2017 has seen vastly different approaches to how this can be done. You have the presentation photo ops including Varadkar’s changing socks and his penchant for turning up in high vis jackets in contrast to the downbeat simplicity of Jeremy Corbyn’s conviction politics.

In 2018 communicating effectively and honestly with voters will be more important than ever. 2017 has shown two clear roads. It can be politics with passion and conviction or campaigns based on divisive prejudice, racism and lies. We need to move beyond the politics of who gets up first in the morning!

(6) Its about wages and prices profit and dignity at work

Trade union issues were a feature throughout 2017, bus and train drivers, nurses, teachers, Tesco workers, and now pilots all found themselves in conflict with employers this year. In 2018 I believe the pendulum will swing more towards private sector workers.

The Fine Gael led government have promised to introduce legislation belatedly on banning zero hour contracts, but at the heart of working life in Ireland is the excessive cost of living compared to other EU states.

Wage rises have been low for those lucky enough to get them while the cost of renting or buying housing has soared year on year. When you add in higher transport costs, health insurance increases annually you have working families in Ireland experiencing a year on year dilution in their standard of living.

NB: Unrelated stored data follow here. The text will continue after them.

Lemma mu_fire_mu_body σ θ τ L b M N :
  mu_fire (up_ren θ b) (mu_body σ θ τ L b M) N = mu_body σ θ τ (L ++ [N]) b M.
Proof.
  assert (Hfire : ssub 0 (lift_n 0 N) (inst (up_mu_sub σ) (up_ren θ) (up_mu_stk_with τ L) M)
                  = inst (up_mu_sub σ) (up_ren θ) (up_mu_stk_with τ (L ++ [N])) M).
  { rewrite ssub_as_inst, inst_inst; apply inst_ext; [| reflexivity |].
    - intros x; simpl; unfold up_mu_sub; rewrite <- ssub_as_inst; apply ssub_lift_n.
    - intros [|n]; unfold comp_stk, single_stk; simpl.
      + rewrite map_app; f_equal; rewrite <- (map_ssub_lift_n L (lift_n 0 N)) at 2.
        apply map_ext; intros; now rewrite ssub_as_inst.
      + rewrite app_nil_r; rewrite <- (map_ssub_lift_n (τ n) (lift_n 0 N)) at 2.
        apply map_ext; intros; now rewrite ssub_as_inst. }
  unfold mu_body, mu_fire; destruct b as [|b]; simpl; rewrite ssub_apps, Hfire.
  - now rewrite map_ssub_lift_n, <- apps_snoc, map_app.
  - now rewrite map_ssub_lift_n.
Qed.

Lemma fire_all_mu_body s σ θ τ L b M :
  fire_all (up_ren θ b) (mu_body σ θ τ L b M) s = Mu (up_ren θ b) (mu_body σ θ τ (L ++ s) b M).
Proof.
  revert L; induction s as [|N s IH]; intros L; simpl.
  - now rewrite app_nil_r.
  - now rewrite mu_fire_mu_body, IH, <- app_assoc.
Qed.

Lemma stk_ok_up_mu_with D k τ s :
  stk_ok D τ -> csem k s -> stk_ok (k :: D) (up_mu_stk_with τ s).
Proof.
  intros Hτ Hs [|n] k' Hn; simpl in Hn.
  - injection Hn as <-; right; simpl; rewrite (map_ext _ _ (fun X => lift_n_ren X 0)).
    now apply csem_ren.
  - destruct (Hτ n k' Hn) as [E | Hk]; simpl; rewrite ?E; [now left | right].
    rewrite (map_ext _ _ (fun X => lift_n_ren X 0)); now apply csem_ren.
Qed.

Lemma sub_ok_up_mu G σ : sub_ok G σ -> sub_ok G (up_mu_sub σ).
Proof. intros Hσ x d Hx; unfold up_mu_sub; rewrite lift_n_ren; apply dsem_ren; auto. Qed.

Lemma sem_Mu G D k kb b M :
  nth_error (k :: D) b = Some kb ->
  sem_typed G M (Arr kb) (k :: D) -> sem_typed G (Mu b M) (Arr k) D.
Proof.
  intros Hb HM; red; apply (SN_against_inst (csem k)); intros σ θ τ s Hσ Hτ Hs.
  rewrite inst_Mu; apply SN_mu_expansion; [exact (csem_Forall_SN k s Hs)|].
  rewrite fire_all_mu_body; apply SN_Mu; simpl app.
  pose proof (stk_ok_up_mu_with D k τ s Hτ Hs) as Hτ'.
  specialize (HM _ (up_ren θ) _ (sub_ok_up_mu G σ Hσ) Hτ'); unfold mu_body.
  destruct (Hτ' b kb Hb) as [-> | Hkb].
  - exact (dsem_SN (Arr kb) _ HM).
  - exact (SN_against_apps _ _ _ HM Hkb).
Qed.

Lemma typed_sem G M d D : typed G M d D -> sem_typed G M d D.
Proof.
  induction 1 as [G D x d Hx | G D d k M _ IH | G D d M _ IH
    | G D d k M N _ IHM _ IHN | G D d M N _ IHM _ IHN | G D b k k' M Hb _ IH
    | G D k M _ IH | G D M d d' _ IH Hle | G D M d d' _ IH1 _ IH2].
  - intros σ θ τ Hσ _; now apply Hσ.
  - red; apply (SN_against_inst (csem (Pair d k))); intros σ θ τ s Hσ Hτ [N [s' [-> [HN Hs']]]].
    exact (SN_apps_inst_Lam _ G D d M σ θ τ N s' IH Hσ Hτ HN Hs').
  - red; apply (SN_against_inst (csem (PairO d))); intros σ θ τ s Hσ Hτ [N [s' [-> [HN Hs']]]].
    exact (SN_apps_inst_Lam _ G D d M σ θ τ N s' IH Hσ Hτ HN Hs').
  - intros σ θ τ Hσ Hτ; exact (SN_against_App d _ _ _ (IHM σ θ τ Hσ Hτ) (IHN σ θ τ Hσ Hτ)).
  - intros σ θ τ Hσ Hτ; exact (SN_against_App d _ _ _ (IHM σ θ τ Hσ Hτ) (IHN σ θ τ Hσ Hτ)).
  - exact (sem_Mu G D k k' (S b) M Hb IH).
  - exact (sem_Mu G D k k 0 M eq_refl IH).
  - intros σ θ τ Hσ Hτ; exact (proj1 le_sem d d' Hle _ (IH σ θ τ Hσ Hτ)).
  - intros σ θ τ Hσ Hτ; split; auto.
Qed.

It would be great in 2018 if the trade union movement could generate a solidarity campaign between all workers. It is one economy, one island and we all have a right to a living wage and a just standard of living.

(7) Sinn Féin are the dynamic of change

Throughout the year it was Sinn Féin campaigning throughout the island that demonstrated more than any other party that they are the dynamic for positive change in Ireland. On housing, health, agriculture, community development, the economy, reform of the state’s dysfunctional structures and constitutional change it has been Sinn Féin TDs, MEPs, Senators, Assembly members and councillors north and south who have been at the forefront of the campaign for a better fairer Ireland.

Whether it was Garda whistle blowers, the Ash for Cash debacle in the North, the tracker mortgage scandals, housing or health policies Sinn Féin representatives and activists have been there. Have a look at: http://www.sinnfein.ie/policy-document-archive.  

With a Dail election looking more likely next year, it will be Sinn Féin setting the political agenda in Ireland in 2018. Remember you heard it here first!